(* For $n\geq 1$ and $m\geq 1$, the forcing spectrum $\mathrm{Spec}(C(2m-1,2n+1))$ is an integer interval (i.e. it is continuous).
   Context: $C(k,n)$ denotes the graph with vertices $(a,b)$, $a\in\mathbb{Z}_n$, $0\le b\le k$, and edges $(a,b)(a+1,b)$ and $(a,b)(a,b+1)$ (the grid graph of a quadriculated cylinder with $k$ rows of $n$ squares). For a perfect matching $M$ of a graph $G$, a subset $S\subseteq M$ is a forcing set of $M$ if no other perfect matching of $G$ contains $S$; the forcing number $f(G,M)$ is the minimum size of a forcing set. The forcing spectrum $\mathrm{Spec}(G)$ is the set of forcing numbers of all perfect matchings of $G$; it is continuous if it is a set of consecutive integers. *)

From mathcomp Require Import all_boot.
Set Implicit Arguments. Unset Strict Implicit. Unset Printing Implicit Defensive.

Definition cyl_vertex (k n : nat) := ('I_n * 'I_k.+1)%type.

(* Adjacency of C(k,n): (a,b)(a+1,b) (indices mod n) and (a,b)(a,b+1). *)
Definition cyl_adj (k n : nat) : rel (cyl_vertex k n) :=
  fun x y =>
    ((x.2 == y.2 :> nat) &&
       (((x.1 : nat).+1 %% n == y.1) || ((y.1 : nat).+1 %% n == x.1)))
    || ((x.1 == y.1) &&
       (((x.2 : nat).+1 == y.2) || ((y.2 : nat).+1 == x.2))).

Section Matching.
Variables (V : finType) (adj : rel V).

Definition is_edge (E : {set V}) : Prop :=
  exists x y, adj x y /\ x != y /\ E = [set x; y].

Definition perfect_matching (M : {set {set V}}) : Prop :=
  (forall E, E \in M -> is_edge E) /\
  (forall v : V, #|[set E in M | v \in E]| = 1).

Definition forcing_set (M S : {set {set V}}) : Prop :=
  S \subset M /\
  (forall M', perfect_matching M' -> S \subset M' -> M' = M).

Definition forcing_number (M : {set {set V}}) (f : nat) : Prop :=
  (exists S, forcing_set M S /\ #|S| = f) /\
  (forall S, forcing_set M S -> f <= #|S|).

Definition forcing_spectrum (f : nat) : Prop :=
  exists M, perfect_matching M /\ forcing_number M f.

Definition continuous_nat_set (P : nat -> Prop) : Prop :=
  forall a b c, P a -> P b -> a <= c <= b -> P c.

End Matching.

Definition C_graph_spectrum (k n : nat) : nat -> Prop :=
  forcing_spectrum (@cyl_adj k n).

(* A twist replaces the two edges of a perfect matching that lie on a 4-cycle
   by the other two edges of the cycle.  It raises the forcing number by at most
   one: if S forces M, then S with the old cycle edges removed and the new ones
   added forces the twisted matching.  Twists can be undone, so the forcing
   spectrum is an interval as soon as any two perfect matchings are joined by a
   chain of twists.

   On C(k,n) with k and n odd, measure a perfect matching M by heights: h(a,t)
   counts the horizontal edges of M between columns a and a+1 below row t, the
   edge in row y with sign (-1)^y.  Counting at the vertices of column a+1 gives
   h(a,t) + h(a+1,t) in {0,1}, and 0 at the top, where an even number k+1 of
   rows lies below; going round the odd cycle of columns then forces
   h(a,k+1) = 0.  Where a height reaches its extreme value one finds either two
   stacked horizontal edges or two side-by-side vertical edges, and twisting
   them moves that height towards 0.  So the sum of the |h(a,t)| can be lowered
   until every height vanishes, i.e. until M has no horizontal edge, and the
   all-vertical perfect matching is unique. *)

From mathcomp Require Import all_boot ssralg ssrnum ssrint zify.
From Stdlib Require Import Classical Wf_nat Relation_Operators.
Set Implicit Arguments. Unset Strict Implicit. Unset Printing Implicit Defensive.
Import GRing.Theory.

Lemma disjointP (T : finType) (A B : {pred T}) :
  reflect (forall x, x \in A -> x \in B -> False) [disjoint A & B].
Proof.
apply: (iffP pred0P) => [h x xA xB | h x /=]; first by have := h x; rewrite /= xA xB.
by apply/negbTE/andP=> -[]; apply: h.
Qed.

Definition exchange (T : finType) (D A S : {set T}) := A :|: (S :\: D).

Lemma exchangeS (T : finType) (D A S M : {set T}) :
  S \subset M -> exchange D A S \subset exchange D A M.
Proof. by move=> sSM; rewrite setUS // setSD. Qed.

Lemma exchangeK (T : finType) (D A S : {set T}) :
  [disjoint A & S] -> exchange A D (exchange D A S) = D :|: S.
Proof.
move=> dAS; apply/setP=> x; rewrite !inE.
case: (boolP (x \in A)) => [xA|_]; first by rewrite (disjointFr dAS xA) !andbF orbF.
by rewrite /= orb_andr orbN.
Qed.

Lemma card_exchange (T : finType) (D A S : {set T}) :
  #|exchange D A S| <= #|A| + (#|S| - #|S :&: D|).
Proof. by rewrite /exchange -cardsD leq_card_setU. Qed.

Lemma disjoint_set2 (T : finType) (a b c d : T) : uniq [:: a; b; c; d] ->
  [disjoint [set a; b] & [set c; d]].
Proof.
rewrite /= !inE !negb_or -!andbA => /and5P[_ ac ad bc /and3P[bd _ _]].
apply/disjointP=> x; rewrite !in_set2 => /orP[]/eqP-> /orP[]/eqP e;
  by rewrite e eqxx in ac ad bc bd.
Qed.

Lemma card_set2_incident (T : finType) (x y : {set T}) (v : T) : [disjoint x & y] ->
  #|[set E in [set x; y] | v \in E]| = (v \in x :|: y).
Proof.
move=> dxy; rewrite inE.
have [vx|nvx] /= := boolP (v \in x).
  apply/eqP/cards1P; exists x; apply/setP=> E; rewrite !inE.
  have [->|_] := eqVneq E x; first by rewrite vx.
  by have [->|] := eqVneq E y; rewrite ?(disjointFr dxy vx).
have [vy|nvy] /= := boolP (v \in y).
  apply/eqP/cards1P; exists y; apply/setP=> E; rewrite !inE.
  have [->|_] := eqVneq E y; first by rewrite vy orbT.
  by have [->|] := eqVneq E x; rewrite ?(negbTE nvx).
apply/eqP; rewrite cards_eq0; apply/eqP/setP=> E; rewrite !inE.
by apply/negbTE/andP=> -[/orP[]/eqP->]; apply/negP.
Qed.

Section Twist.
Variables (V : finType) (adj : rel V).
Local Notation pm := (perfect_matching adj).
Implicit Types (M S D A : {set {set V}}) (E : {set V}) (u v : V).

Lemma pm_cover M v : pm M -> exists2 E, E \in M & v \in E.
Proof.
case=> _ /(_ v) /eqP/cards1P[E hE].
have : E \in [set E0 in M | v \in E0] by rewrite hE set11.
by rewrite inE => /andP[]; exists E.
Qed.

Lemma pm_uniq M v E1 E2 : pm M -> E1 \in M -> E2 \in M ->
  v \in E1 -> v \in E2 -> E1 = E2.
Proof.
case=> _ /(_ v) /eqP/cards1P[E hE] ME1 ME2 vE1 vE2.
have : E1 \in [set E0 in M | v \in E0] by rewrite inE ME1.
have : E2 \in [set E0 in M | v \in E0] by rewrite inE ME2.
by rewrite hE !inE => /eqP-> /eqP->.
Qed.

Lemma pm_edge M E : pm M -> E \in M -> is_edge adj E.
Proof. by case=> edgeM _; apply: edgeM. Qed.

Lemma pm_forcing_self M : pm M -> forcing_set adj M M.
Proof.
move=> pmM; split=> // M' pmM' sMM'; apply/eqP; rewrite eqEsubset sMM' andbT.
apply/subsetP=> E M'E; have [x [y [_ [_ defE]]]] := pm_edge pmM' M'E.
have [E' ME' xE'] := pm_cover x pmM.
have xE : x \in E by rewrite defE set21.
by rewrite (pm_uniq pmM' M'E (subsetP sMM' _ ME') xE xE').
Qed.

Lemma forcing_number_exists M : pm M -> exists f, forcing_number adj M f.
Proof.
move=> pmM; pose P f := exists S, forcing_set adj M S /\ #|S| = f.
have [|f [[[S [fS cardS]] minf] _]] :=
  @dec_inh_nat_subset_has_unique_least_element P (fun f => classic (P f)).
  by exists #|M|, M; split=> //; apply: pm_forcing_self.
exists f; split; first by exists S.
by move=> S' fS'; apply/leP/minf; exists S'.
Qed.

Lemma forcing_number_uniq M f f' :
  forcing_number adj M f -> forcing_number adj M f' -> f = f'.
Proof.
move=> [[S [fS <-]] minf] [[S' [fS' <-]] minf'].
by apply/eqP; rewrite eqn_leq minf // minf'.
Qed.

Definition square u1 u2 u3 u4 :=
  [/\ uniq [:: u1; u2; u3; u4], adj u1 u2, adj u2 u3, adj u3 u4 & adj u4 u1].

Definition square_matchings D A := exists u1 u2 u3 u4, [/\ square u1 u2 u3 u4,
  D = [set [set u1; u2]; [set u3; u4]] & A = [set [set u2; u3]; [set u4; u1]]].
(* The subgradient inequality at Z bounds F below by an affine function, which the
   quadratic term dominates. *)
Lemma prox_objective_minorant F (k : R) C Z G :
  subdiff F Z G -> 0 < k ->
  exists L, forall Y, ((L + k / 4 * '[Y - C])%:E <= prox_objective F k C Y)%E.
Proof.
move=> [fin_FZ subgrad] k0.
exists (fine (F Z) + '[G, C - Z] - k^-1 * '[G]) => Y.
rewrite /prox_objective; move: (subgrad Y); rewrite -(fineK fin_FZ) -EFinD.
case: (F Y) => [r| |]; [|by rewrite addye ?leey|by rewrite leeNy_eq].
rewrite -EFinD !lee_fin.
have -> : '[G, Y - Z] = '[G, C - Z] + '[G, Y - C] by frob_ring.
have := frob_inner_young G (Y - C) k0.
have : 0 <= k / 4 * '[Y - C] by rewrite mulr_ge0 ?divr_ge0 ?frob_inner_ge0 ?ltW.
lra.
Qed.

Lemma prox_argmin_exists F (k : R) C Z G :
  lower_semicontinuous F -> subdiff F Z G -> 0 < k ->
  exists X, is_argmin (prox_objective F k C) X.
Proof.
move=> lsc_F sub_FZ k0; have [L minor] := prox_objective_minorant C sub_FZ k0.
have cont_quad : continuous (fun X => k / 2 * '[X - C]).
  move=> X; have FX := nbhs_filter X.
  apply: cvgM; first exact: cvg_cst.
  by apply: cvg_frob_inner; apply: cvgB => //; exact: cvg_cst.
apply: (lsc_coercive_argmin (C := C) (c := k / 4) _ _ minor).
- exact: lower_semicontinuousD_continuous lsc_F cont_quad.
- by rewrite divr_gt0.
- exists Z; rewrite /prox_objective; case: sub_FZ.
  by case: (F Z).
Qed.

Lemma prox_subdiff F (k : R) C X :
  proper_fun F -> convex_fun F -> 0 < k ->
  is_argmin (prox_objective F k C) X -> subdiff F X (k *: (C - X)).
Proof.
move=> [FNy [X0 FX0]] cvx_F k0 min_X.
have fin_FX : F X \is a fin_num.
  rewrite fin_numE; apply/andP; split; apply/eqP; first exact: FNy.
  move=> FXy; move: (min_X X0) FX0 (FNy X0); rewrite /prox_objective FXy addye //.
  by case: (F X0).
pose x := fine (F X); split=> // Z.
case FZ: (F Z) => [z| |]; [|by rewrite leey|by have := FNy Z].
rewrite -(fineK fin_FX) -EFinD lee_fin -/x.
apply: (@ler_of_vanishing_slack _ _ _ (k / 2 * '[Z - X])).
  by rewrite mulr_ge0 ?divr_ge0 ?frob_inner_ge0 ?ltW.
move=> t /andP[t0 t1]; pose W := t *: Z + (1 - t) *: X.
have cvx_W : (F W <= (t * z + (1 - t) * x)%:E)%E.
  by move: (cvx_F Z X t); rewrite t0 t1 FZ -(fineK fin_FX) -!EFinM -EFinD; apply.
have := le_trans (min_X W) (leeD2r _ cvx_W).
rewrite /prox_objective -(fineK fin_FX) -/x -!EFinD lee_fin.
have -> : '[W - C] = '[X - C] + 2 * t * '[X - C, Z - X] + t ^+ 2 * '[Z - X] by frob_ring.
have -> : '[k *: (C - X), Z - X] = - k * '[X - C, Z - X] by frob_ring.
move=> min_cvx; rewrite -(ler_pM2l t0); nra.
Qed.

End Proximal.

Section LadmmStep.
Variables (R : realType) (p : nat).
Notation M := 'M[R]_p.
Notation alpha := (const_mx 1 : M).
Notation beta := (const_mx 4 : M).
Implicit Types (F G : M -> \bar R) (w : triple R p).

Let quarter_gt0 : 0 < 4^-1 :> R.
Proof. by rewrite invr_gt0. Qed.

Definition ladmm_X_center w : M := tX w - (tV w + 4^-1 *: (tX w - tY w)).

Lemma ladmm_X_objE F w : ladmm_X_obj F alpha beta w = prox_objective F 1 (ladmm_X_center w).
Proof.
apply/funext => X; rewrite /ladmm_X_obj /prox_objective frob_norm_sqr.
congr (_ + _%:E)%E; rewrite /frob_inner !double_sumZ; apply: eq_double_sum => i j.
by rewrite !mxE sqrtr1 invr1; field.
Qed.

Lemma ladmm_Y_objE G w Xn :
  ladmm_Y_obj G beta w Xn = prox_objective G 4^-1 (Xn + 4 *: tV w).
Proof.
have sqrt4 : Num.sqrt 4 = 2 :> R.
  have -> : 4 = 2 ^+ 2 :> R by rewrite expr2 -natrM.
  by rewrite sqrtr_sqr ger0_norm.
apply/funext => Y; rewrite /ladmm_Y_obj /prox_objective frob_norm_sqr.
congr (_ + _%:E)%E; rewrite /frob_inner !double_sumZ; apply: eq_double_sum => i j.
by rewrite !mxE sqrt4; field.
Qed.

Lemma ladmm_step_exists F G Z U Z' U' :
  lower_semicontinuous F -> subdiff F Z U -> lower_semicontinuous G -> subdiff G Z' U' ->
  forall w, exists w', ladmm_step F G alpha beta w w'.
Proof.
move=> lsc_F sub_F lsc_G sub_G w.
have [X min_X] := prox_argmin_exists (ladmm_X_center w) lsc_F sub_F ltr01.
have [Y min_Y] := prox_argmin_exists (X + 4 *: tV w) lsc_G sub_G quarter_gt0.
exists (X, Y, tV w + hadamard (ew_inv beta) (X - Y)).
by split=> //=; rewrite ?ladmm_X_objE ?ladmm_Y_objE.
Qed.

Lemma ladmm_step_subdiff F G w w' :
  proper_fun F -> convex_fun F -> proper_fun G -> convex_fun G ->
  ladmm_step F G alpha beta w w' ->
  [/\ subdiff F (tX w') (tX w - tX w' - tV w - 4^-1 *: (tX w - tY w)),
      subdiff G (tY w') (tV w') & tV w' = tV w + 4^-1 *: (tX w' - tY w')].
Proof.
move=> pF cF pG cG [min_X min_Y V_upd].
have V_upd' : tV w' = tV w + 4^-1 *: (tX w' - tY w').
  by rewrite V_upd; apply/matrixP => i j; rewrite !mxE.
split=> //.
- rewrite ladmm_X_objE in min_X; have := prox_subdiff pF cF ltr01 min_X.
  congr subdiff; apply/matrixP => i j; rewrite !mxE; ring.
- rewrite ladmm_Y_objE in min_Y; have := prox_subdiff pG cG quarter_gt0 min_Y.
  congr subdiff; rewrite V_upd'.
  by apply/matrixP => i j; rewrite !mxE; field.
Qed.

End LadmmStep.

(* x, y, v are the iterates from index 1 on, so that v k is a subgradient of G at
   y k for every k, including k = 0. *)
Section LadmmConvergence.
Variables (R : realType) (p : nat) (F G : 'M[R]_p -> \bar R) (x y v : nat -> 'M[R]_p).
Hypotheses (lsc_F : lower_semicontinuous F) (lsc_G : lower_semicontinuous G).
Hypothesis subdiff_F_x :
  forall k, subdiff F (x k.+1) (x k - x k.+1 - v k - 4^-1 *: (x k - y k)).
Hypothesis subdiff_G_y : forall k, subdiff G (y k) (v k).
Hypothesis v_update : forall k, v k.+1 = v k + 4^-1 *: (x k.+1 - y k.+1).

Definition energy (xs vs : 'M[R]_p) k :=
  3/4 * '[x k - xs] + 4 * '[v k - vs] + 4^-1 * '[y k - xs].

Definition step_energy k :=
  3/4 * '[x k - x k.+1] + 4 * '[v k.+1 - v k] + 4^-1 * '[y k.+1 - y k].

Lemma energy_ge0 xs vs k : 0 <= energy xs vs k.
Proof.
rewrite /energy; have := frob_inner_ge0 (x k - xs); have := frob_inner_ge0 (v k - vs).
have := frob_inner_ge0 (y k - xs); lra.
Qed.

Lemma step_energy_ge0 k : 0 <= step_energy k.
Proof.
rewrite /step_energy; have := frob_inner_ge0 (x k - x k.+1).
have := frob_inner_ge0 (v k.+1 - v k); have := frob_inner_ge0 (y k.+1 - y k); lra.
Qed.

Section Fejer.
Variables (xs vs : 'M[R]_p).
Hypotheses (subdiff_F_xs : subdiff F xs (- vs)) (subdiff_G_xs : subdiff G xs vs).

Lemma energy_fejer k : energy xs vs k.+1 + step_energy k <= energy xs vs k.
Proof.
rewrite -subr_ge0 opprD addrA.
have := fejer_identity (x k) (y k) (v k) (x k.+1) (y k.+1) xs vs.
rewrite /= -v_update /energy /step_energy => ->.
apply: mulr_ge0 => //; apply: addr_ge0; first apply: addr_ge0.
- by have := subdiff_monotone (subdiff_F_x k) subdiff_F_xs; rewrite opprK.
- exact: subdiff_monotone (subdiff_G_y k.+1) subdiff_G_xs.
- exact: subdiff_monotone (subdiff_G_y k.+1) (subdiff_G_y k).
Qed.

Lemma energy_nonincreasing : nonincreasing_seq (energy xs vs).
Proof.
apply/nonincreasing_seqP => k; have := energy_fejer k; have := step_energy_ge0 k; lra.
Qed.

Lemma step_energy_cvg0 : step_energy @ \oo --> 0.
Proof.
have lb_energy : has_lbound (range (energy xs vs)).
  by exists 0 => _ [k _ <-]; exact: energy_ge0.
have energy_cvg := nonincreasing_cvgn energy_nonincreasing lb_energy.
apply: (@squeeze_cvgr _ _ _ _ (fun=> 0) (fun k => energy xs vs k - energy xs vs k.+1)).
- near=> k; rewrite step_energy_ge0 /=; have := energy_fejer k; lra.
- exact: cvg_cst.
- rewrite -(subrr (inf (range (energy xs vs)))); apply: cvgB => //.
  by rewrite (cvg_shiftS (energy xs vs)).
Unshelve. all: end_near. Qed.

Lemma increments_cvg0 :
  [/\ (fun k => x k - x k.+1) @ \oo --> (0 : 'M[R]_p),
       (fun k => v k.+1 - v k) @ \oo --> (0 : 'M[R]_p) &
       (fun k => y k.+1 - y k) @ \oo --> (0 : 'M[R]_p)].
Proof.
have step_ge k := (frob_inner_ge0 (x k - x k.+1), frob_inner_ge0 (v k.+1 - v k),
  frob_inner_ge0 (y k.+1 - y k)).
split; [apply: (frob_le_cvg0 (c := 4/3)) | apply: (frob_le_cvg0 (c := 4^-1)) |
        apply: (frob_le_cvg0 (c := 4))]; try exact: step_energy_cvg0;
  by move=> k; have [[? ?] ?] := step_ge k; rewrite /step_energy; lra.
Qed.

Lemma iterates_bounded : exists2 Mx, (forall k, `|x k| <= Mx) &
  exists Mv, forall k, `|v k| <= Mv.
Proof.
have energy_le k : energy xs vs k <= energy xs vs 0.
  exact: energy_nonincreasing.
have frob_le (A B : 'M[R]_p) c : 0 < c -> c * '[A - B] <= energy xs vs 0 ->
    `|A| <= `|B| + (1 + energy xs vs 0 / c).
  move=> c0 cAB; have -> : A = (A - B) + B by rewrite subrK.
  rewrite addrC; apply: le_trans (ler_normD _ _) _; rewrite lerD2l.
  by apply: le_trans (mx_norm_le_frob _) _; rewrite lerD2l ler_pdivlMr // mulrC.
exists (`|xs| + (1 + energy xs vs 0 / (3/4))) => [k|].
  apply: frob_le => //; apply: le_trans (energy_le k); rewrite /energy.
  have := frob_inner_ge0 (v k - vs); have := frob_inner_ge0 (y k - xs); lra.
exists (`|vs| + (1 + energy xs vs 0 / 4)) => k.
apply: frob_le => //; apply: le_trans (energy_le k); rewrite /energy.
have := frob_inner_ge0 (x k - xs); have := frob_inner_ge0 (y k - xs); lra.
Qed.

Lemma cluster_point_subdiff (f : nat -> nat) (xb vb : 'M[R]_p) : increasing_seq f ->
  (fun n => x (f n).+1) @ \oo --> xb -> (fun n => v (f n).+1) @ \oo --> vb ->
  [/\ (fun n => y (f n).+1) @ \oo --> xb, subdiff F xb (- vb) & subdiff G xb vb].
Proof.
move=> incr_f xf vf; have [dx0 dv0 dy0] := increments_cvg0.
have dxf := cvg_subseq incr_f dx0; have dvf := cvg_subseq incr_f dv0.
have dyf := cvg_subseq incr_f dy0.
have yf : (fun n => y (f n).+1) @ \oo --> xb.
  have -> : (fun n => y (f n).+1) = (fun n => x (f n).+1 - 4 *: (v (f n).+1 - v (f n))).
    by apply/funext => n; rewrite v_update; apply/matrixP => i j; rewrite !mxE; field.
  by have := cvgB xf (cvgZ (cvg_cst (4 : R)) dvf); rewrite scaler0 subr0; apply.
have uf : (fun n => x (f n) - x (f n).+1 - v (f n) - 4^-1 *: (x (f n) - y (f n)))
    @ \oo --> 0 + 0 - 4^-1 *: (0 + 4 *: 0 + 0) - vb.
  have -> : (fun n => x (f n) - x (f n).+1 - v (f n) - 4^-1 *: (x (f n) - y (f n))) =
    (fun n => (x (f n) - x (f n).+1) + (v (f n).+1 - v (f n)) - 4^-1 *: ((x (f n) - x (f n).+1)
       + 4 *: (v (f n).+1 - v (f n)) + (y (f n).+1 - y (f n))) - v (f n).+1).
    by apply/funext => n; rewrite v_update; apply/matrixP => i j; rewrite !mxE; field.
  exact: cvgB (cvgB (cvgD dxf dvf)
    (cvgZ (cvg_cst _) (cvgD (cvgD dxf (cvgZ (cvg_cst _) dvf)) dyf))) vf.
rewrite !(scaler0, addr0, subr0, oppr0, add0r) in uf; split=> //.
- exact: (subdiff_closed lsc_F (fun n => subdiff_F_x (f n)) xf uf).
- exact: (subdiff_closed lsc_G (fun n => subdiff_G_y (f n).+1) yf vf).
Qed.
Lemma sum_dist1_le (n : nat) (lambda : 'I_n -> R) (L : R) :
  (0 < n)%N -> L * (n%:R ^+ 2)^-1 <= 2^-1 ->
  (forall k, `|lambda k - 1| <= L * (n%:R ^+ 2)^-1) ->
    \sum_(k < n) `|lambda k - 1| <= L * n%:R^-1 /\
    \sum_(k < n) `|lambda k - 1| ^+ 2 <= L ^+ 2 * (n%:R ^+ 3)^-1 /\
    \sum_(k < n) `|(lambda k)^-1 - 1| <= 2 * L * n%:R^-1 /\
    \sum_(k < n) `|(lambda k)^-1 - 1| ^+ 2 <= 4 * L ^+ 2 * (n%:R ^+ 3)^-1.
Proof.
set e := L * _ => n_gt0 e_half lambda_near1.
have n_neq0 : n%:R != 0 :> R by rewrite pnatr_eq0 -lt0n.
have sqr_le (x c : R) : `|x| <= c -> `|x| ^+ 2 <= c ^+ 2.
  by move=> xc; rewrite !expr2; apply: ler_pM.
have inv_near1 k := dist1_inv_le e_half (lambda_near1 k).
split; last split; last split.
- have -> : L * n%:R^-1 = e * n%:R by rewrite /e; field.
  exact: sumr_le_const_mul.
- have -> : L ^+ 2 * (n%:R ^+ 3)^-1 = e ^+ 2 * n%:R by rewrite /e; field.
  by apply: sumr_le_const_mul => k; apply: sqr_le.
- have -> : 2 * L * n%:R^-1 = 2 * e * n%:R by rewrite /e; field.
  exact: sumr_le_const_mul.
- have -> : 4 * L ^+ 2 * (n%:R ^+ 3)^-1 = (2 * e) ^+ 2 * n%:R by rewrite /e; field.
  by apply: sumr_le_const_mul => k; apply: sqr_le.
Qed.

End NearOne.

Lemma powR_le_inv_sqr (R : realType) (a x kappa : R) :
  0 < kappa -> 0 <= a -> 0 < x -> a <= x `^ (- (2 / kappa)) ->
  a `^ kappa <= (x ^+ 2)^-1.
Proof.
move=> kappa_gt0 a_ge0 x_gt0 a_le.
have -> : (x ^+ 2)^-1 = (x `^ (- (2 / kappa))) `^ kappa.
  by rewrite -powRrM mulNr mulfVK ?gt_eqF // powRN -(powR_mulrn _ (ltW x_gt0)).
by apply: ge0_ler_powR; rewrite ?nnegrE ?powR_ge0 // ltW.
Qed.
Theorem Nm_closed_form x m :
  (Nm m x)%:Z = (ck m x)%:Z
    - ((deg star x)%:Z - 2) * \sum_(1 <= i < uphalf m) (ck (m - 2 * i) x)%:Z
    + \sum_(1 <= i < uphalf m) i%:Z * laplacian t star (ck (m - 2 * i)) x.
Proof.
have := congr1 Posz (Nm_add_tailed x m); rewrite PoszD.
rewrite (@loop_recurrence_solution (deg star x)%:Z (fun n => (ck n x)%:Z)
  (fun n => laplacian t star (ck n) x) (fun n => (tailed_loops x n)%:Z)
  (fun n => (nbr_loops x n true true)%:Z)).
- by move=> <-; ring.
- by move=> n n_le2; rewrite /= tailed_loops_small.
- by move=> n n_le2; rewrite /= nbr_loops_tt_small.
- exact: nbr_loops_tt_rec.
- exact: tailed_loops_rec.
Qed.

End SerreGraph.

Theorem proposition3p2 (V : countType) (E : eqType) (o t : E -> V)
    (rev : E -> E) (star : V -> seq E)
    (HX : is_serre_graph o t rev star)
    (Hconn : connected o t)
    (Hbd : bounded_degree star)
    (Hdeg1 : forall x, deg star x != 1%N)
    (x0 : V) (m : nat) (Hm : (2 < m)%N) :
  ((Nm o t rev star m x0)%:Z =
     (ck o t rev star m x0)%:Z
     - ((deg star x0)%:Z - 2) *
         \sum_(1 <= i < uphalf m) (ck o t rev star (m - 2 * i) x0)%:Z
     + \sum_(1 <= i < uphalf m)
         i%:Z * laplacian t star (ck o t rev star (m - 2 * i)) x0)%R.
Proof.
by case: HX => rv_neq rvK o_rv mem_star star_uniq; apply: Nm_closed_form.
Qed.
----
[Exercise brief] Which lines above run from the one containing "exists f; split; first by exists S." down to the one containing "Definition square u1"? Repeat exactly those, both ends included, and nothing else.

[Solution]
exists f; split; first by exists S.
by move=> S' fS'; apply/leP/minf; exists S'.
Qed.

Lemma forcing_number_uniq M f f' :
  forcing_number adj M f -> forcing_number adj M f' -> f = f'.
Proof.
move=> [[S [fS <-]] minf] [[S' [fS' <-]] minf'].
by apply/eqP; rewrite eqn_leq minf // minf'.
Qed.

Definition square u1 u2 u3 u4 :=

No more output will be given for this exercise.